Stored data entries
● ● ● ● ● ● ●

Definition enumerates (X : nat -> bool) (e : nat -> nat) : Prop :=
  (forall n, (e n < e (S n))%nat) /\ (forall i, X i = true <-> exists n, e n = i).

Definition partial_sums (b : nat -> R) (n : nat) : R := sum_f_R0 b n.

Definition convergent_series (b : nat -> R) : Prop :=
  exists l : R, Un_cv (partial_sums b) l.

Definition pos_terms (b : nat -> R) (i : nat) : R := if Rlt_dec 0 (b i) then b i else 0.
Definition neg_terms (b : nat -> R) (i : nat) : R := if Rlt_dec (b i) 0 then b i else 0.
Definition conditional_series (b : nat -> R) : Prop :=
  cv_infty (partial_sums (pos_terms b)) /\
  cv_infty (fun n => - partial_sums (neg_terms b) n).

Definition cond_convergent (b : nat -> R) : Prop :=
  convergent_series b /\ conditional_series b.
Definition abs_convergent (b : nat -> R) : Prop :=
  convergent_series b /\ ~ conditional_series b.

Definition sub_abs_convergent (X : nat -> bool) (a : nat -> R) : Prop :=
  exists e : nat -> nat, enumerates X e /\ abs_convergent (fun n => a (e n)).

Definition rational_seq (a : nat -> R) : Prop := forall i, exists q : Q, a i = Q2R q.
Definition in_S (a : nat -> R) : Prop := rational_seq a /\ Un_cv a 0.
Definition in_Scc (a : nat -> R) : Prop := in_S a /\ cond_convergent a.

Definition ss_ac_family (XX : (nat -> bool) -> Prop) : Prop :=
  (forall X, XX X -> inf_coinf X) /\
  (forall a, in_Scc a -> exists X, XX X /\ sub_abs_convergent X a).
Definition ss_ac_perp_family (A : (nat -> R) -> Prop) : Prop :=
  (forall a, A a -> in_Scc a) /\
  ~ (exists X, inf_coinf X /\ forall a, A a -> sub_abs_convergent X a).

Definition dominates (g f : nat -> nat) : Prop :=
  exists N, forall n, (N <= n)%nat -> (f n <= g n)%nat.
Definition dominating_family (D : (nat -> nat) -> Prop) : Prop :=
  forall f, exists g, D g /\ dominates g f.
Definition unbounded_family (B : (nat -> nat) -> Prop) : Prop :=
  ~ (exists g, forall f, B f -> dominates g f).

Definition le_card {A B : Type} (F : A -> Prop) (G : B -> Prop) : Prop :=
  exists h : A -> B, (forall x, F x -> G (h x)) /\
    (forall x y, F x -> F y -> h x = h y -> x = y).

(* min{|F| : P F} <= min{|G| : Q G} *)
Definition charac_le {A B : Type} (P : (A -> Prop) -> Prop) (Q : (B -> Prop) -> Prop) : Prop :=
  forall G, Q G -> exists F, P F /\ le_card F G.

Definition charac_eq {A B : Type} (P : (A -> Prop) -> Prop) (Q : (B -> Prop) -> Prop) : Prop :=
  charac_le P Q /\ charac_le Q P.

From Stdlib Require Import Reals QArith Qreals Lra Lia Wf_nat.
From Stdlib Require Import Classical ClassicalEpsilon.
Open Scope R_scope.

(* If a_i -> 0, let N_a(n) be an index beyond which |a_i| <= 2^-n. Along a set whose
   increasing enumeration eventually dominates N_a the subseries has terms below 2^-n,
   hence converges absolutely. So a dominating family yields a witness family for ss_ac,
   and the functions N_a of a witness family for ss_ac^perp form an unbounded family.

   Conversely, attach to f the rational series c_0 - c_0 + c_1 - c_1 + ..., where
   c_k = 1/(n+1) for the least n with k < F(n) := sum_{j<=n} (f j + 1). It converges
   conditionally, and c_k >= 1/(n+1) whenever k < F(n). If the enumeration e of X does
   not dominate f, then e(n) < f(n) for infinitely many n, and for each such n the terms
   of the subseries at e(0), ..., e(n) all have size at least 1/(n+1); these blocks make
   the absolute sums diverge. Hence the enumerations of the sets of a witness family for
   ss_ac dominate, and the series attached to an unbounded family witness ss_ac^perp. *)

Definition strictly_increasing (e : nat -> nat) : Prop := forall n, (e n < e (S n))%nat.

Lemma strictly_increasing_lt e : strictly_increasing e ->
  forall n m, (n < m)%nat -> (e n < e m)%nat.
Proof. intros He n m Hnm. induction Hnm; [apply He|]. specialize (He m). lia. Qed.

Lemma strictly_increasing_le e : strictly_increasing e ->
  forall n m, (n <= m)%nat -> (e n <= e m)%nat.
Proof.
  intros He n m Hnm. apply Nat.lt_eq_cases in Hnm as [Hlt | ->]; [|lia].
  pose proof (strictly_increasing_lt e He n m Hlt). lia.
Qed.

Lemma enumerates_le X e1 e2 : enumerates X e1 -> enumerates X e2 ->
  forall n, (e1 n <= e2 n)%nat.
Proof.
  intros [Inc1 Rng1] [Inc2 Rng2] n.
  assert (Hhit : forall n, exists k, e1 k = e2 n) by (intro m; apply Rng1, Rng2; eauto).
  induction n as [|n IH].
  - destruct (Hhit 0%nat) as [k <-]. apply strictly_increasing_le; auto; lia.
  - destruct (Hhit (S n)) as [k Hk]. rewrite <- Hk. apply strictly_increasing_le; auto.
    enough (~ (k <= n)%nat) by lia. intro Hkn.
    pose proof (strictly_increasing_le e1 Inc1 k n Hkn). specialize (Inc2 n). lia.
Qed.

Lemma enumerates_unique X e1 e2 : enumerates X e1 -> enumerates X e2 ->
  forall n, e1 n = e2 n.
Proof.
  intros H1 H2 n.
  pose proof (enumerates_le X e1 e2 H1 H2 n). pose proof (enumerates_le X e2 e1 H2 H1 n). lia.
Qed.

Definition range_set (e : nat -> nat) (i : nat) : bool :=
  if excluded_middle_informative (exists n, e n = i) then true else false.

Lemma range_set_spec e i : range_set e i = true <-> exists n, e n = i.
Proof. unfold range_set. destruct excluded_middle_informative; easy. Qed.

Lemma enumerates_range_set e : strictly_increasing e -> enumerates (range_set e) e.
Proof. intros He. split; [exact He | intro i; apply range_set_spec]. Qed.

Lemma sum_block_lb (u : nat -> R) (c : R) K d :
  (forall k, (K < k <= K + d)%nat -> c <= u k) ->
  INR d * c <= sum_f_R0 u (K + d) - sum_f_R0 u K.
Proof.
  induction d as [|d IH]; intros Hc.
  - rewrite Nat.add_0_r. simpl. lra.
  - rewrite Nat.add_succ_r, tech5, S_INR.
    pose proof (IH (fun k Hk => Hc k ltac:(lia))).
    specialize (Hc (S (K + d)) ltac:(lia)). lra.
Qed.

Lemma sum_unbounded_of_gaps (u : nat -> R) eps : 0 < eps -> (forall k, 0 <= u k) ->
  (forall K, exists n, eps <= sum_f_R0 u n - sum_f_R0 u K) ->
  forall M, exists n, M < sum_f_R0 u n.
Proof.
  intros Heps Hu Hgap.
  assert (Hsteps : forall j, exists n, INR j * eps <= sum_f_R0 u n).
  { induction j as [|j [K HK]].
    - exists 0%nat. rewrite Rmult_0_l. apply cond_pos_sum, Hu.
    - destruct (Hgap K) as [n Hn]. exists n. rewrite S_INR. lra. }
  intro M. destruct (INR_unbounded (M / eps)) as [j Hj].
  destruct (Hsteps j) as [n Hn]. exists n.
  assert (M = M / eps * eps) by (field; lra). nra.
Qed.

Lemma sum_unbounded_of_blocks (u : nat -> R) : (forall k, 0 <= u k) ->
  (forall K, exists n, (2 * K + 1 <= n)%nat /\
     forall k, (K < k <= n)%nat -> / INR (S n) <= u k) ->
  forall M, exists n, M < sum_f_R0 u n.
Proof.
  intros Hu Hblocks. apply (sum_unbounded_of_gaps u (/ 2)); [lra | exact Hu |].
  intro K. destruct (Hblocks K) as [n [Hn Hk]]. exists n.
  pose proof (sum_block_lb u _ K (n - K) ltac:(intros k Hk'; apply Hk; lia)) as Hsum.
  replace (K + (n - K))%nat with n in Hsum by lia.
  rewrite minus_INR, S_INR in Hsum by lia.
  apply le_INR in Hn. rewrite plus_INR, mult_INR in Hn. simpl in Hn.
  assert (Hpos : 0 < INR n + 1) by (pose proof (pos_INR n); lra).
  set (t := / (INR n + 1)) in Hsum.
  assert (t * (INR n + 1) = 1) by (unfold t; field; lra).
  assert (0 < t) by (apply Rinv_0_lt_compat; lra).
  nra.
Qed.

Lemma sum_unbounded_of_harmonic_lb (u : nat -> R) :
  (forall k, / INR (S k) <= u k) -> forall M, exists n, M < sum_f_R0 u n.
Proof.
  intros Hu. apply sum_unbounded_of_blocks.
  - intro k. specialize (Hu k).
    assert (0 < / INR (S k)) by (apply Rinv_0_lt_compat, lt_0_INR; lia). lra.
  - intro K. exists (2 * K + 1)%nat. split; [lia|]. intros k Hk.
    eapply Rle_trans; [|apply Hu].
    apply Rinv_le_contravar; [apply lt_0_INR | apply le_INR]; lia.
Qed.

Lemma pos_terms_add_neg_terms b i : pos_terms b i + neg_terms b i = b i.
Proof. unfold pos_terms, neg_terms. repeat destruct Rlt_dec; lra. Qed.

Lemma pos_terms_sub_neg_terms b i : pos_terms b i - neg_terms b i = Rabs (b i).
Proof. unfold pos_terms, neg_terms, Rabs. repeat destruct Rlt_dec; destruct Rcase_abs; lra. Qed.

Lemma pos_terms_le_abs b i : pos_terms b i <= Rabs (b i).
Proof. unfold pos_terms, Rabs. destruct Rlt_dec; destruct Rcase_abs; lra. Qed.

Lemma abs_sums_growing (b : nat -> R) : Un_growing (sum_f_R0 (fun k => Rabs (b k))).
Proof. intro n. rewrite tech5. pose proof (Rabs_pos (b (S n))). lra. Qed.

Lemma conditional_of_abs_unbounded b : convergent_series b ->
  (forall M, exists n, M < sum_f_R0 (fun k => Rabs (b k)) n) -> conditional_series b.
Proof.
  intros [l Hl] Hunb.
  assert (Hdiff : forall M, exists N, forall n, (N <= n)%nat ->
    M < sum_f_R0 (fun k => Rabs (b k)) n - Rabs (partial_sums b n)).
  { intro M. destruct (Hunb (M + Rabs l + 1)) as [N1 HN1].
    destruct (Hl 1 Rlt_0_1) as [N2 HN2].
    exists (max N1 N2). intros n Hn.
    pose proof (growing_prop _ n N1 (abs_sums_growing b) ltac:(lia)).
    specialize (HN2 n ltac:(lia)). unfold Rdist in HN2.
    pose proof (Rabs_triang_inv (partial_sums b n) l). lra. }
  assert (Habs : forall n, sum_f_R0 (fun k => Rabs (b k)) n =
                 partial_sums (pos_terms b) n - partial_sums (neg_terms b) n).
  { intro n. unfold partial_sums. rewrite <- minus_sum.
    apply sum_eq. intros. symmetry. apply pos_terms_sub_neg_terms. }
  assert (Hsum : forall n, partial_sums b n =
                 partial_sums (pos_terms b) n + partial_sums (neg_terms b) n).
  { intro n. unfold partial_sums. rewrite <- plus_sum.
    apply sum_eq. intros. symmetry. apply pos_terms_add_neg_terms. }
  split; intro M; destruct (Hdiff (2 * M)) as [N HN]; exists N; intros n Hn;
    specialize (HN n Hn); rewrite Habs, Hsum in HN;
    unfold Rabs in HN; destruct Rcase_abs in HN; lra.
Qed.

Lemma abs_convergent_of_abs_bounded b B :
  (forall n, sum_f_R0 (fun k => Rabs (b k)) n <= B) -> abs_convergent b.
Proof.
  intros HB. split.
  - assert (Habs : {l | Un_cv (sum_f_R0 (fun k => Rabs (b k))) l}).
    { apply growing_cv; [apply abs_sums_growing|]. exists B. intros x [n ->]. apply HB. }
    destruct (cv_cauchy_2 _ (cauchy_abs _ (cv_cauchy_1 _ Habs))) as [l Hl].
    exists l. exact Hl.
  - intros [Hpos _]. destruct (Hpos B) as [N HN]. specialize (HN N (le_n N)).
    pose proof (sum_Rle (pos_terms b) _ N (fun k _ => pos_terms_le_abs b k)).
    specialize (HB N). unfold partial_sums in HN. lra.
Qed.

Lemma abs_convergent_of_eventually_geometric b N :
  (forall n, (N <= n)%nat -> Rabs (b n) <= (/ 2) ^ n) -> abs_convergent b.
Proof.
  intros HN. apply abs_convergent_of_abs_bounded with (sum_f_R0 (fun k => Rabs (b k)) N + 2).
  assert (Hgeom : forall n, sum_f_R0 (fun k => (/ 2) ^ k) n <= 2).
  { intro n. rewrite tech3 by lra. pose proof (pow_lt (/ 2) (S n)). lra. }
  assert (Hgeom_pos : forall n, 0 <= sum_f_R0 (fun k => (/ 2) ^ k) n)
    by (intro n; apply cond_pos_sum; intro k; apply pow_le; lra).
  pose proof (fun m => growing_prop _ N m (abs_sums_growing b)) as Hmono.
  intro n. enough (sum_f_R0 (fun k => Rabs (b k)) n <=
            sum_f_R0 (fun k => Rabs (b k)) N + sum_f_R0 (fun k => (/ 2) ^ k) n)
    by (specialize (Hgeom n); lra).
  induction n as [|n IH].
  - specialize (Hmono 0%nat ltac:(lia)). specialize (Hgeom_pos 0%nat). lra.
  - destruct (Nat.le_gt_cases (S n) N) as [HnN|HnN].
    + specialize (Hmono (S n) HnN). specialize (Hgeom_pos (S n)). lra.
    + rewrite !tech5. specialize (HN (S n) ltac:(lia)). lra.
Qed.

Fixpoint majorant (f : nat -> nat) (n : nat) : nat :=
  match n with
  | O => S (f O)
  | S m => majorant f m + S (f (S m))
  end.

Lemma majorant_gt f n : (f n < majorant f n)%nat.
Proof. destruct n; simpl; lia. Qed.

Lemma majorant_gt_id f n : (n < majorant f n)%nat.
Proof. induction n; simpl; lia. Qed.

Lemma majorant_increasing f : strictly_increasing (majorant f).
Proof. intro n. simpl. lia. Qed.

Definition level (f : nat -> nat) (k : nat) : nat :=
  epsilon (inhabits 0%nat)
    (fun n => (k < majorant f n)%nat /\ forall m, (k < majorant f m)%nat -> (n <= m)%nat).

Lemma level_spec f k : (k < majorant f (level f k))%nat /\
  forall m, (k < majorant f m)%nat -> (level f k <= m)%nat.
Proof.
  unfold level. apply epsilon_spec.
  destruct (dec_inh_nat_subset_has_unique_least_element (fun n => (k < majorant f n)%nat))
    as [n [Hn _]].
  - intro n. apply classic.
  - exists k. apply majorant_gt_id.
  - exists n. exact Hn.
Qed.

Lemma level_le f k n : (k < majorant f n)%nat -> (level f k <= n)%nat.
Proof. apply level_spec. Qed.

● ● ● ● ● ● ●

What the task asks - In the records above, locate the lines holding the word "split". Copy each of them.

Task output -
Proof. intros He. split; [exact He | intro i; apply range_set_spec]. Qed.
  - intro K. exists (2 * K + 1)%nat. split; [lia|]. intros k Hk.
  split; intro M; destruct (Hdiff (2 * M)) as [N HN]; exists N; intros n Hn;
  intros HB. split.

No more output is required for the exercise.